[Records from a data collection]
# # # #
(* Assume the setup and let $g\in\mathfrak{R}(R)$ be a root type element over a commutative ring $R$. Then: (1) $g_{\lambda,\mu}=0$ for all $\lambda,\mu\in\Lambda$ with $d(\lambda,\mu)\ge2$; (2) $g_{\lambda,\mu}=\pm g_{\rho,\tau}$ for all $\lambda,\mu,\rho,\tau\in\Lambda$ with $d(\lambda,\mu)=d(\rho,\tau)=1$ and $\lambda-\mu=\rho-\tau$ (the sign depending only on the weights).
   Context: Setup. Exactly one of the following cases (Bourbaki numbering): (a) $\Phi=D_l$, $l\ge5$, $V$ the half-spin representation with highest weight $\varpi_l$; (b) $\Phi=E_6$, $V$ with highest weight $\varpi_1$; (c) $\Phi=E_7$, $V$ with highest weight $\varpi_7$. $G(\Phi,R)$ is the Chevalley group of type $\Phi$ over $R$ whose weight lattice is generated by the weights of $V$; $x_\alpha(\xi)$ are root unipotents; $\Lambda$ is the set of weights of $V$ and elements of $G(\Phi,R)$ are matrices $(g_{\lambda,\mu})$ in a weight basis $\{v^\lambda\}$ with $x_\alpha(\xi)v^\lambda=v^\lambda\pm\xi v^{\lambda+\alpha}$ if $\lambda+\alpha\in\Lambda$, $=v^\lambda$ otherwise. $d(\lambda,\mu)$ is the distance in the weight graph on $\Lambda$ (weights adjacent iff their difference is a root). Root type elements: $\mathfrak{R}$ is the smallest closed subscheme (over $\mathbb{Z}$) of the group scheme $G(\Phi,-)$ such that $h\,x_{\alpha}(1)h^{-1}\in\mathfrak{R}(S)$ for every ring $S$, every $h\in G(\Phi,S)$ and a fixed root $\alpha$; $\mathfrak{R}(R)$ is its set of $R$-points. *)

From HB Require Import structures.
From mathcomp Require Import all_boot all_order all_algebra.
Set Implicit Arguments. Unset Strict Implicit. Unset Printing Implicit Defensive.
Import Order.TTheory GRing.Theory Num.Theory.
Local Open Scope ring_scope.

(* Euclidean vectors.  A vector is stored as its list of coordinates in      *)
(* Bourbaki's orthonormal basis e_1, e_2, ... MULTIPLIED BY 6 (so that all  *)
(* coordinates of roots and weights, which lie in (1/6)Z, become integers). *)
(* Roots have squared length 2, so <v, a^vee> = (v, a) = vdot v a / 36.     *)
Definition vec := seq int.
Definition vadd (u v : vec) : vec := [seq x.1 + x.2 | x <- zip u v].
Definition vscale (a : int) (v : vec) : vec := [seq a * x | x <- v].
Definition vsub (u v : vec) : vec := vadd u (vscale (-1) v).
Definition vdot (u v : vec) : int := foldr (fun x acc => x.1 * x.2 + acc) 0 (zip u v).
Definition pairing (v a : vec) : int := (vdot v a %/ 36)%Z.
Definition vzero (len : nat) : vec := nseq len 0.
Definition unitv (len i : nat) : vec := mkseq (fun k => if k == i then 6 else 0) len.

(* all vectors of length k with entries +-1/2 (stored as +-3) *)
Fixpoint hvecs (k : nat) : seq vec :=
  if k is k'.+1 then [seq a :: v | a <- [:: 3; -3], v <- hvecs k']
  else [:: [::]].
Definition nneg (v : vec) : nat := count (fun x : int => x < 0) v.

(* +- e_i +- e_j, 0 <= i < j < m (0-indexed), inside R^len *)
Definition pmpairs (len m : nat) : seq vec :=
  flatten [seq flatten [seq
     [seq vadd (vscale a (unitv len i)) (vscale b (unitv len j))
        | a <- [:: 1; -1], b <- [:: 1; -1]]
     | j <- iota i.+1 (m - i.+1)] | i <- iota 0 m].

Definition refl (a v : vec) : vec := vsub v (vscale (pairing v a) a).
Definition orbit_step (R : seq vec) (S : seq vec) : seq vec :=
  undup (S ++ [seq refl a v | v <- S, a <- R]).
Definition worbit (R : seq vec) (w : vec) (fuel : nat) : seq vec :=
  iter fuel (orbit_step R) [:: w].

(* The three cases (Bourbaki plates IV, V, VI).                             *)
Inductive case := CaseD of nat | CaseE6 | CaseE7.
# # # #
Exercise: Only the lines from the one containing "(* all vectors" through the final line of the records above should be printed, exactly as they stand.

Answer space:
(* all vectors of length k with entries +-1/2 (stored as +-3) *)
Fixpoint hvecs (k : nat) : seq vec :=
  if k is k'.+1 then [seq a :: v | a <- [:: 3; -3], v <- hvecs k']
  else [:: [::]].
Definition nneg (v : vec) : nat := count (fun x : int => x < 0) v.

(* +- e_i +- e_j, 0 <= i < j < m (0-indexed), inside R^len *)
Definition pmpairs (len m : nat) : seq vec :=
  flatten [seq flatten [seq
     [seq vadd (vscale a (unitv len i)) (vscale b (unitv len j))
        | a <- [:: 1; -1], b <- [:: 1; -1]]
     | j <- iota i.+1 (m - i.+1)] | i <- iota 0 m].

Definition refl (a v : vec) : vec := vsub v (vscale (pairing v a) a).
Definition orbit_step (R : seq vec) (S : seq vec) : seq vec :=
  undup (S ++ [seq refl a v | v <- S, a <- R]).
Definition worbit (R : seq vec) (w : vec) (fuel : nat) : seq vec :=
  iter fuel (orbit_step R) [:: w].

(* The three cases (Bourbaki plates IV, V, VI).                             *)
Inductive case := CaseD of nat | CaseE6 | CaseE7.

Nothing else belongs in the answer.